Williams kommt, Perrin dreht auf! Aber für die Towers setzt es Pleite Nummer 22
Die saisonübergreifend 22. Niederlage in Folge kam erwartet: Die Hamburg Towers verloren ihr Eurocup-Spiel bei Baxi Manresa mit 72:99 (39:50) – und dürfen nicht lange ihre Wunden lecken. Schon am Sonntag geht es in Vechta um überlebenswichtige Punkte im Bundesliga-Abstiegskampf. Ein Blitz-Neuzugang soll helfen, die Minusserie endlich zu beenden.
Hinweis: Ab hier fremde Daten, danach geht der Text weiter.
(* Let $C=(C_n,d_n)_{n\in\mathbb{Z}}$ be a free chain complex of $\mathbb{Z}$-modules with distinguished $\mathbb{Z}$-bases $\beta_n\subset C_n$, equipped with a finite filtration $0=C^0\subseteq C^1\subseteq\cdots\subseteq C^m=C$ by sub-chain complexes, each $C^i_n$ being the submodule spanned by $\beta_n\cap C^i_n$. Let $V=\{(\sigma_i;\tau_i)\}_{i\in I}$ be an admissible discrete vector field on $C$ such that for every $i\in I$ the cells $\sigma_i$ and $\tau_i$ have the same filtration index. Then the canonical vector-field reduction $\rho=(f,g,h):(C_n,d_n)\Rightarrow(C^c_n,d'_n)$ is compatible with the filtration: the differential $d'$ preserves the filtration $C^{c,i}_n=\mathbb{Z}[\beta^c_n\cap C^i_n]$ of the critical complex (so $C^c$ is a filtered chain complex), $f$ and $g$ are filtered chain complex morphisms ($f(C^i_n)\subseteq C^{c,i}_n$, $g(C^{c,i}_n)\subseteq C^i_n$), and $h(C^i_n)\subseteq C^i_{n+1}$ for all $n,i$, i.e. the homotopy $h$ has order $\leq 0$.
   Context: A reduction $\rho=(f,g,h):D\Rightarrow C'$ between chain complexes consists of chain morphisms $f:D\to C'$, $g:C'\to D$ and a degree $+1$ homomorphism $h:D\to D$ with $fg=\mathrm{id}$, $gf+dh+hd=\mathrm{id}_D$, $fh=0$, $hg=0$, $hh=0$. A generator $\sigma\in\beta_n$ has filtration index $i$ if $\sigma\in C^i_n$ and $\sigma\notin C^{i-1}_n$. A discrete vector field (DVF) on $C$ is a set $V=\{(\sigma_i;\tau_i)\}_{i\in I}$ with $\sigma_i\in\beta_n$, $\tau_i\in\beta_{n+1}$ for some $n$ (depending on $i$), the coefficient of $\sigma_i$ in $d\tau_i$ equal to $\pm1$, and each basis element appearing at most once in $V$. Cells not appearing in $V$ are critical. A $V$-path of degree $n$ and length $m$ is a sequence $\{(\sigma_{i_k};\tau_{i_k})\}_{0\le k<m}$ of elements of $V$ with each $\tau_{i_k}$ an $n$-cell and, for $0<k<m$, $\sigma_{i_k}$ a face (nonzero coefficient in $d\tau_{i_{k-1}}$) of $\tau_{i_{k-1}}$ different from $\sigma_{i_{k-1}}$; it starts from $\sigma_{i_0}$. $V$ is admissible if for each $n$ there is a function $\lambda_n:\beta_n\to\mathbb{N}$ such that every $V$-path starting from $\sigma\in\beta_n$ has length at most $\lambda_n(\sigma)$. Canonical reduction: $V$ splits each $\beta_n=\beta^t_n\sqcup\beta^s_n\sqcup\beta^c_n$ into target cells (the $\tau_i$), source cells (the $\sigma_i$) and critical cells, hence $C_n=C^t_n\oplus C^s_n\oplus C^c_n$, and $d_n$ is written as a $3\times3$ block matrix $(d_{n,a,b})$ with respect to these decompositions (index $1=t$, $2=s$, $3=c$). For admissible $V$, $d_{n,2,1}:C^t_n\to C^s_{n-1}$ is an isomorphism. Then $C^c_n=\mathbb{Z}[\beta^c_n]$ and $d'_n=d_{n,3,3}-d_{n,3,1}d_{n,2,1}^{-1}d_{n,2,3}$, $f_n=[\,0\;\; -d_{n,3,1}d_{n,2,1}^{-1}\;\;1\,]$, $g_n=[\,-d_{n,2,1}^{-1}d_{n,2,3};\;0;\;1\,]^T$ (column), and $h_n$ is the block matrix whose only nonzero block is $d_{n,2,1}^{-1}$ in position $(1,2)$, i.e. $h$ sends $C^s_{n}$ to $C^t_{n+1}$ via $d_{n+1,2,1}^{-1}$ and is zero on $C^t_n\oplus C^c_n$. This $\rho$ is a reduction. *)

From HB Require Import structures.
From mathcomp Require Import all_boot all_order all_algebra.
From mathcomp Require Import freeg.
From Stdlib Require Import ClassicalEpsilon.
Set Implicit Arguments. Unset Strict Implicit. Unset Printing Implicit Defensive.
Import Order.TTheory GRing.Theory Num.Theory.
Local Open Scope ring_scope.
Er ist einer der wenigen Türme, die in dieser Sieglos-Saison durchaus überzeugt haben. Das französische Talent Zacharie Perrin liefert zuverlässig ab, auf sich allein gestellt kann der 21-Jährige aber auch keine Spiel gewinnen – obwohl er es in der Eurocup-Partie in Katalonien anfangs zu versuchen schien.
Maronka bringt Hamburg mit fünf Punkten in Führung
Die ersten vier Hamburger Körbe gingen allesamt auf Perrins Konto – und weil sich seine Kollegen davon anstecken ließen, lagen die Wilhelmsburger nach einem Dreier von Zsombor Maronka sogar 17:12 vorn. Perrins elf Zähler in den ersten zehn Minuten sorgten dafür, dass die Türme mit einem hauchdünnen 20:19-Vorsprung in die erste kleine Pause gingen – ein Achtungserfolg.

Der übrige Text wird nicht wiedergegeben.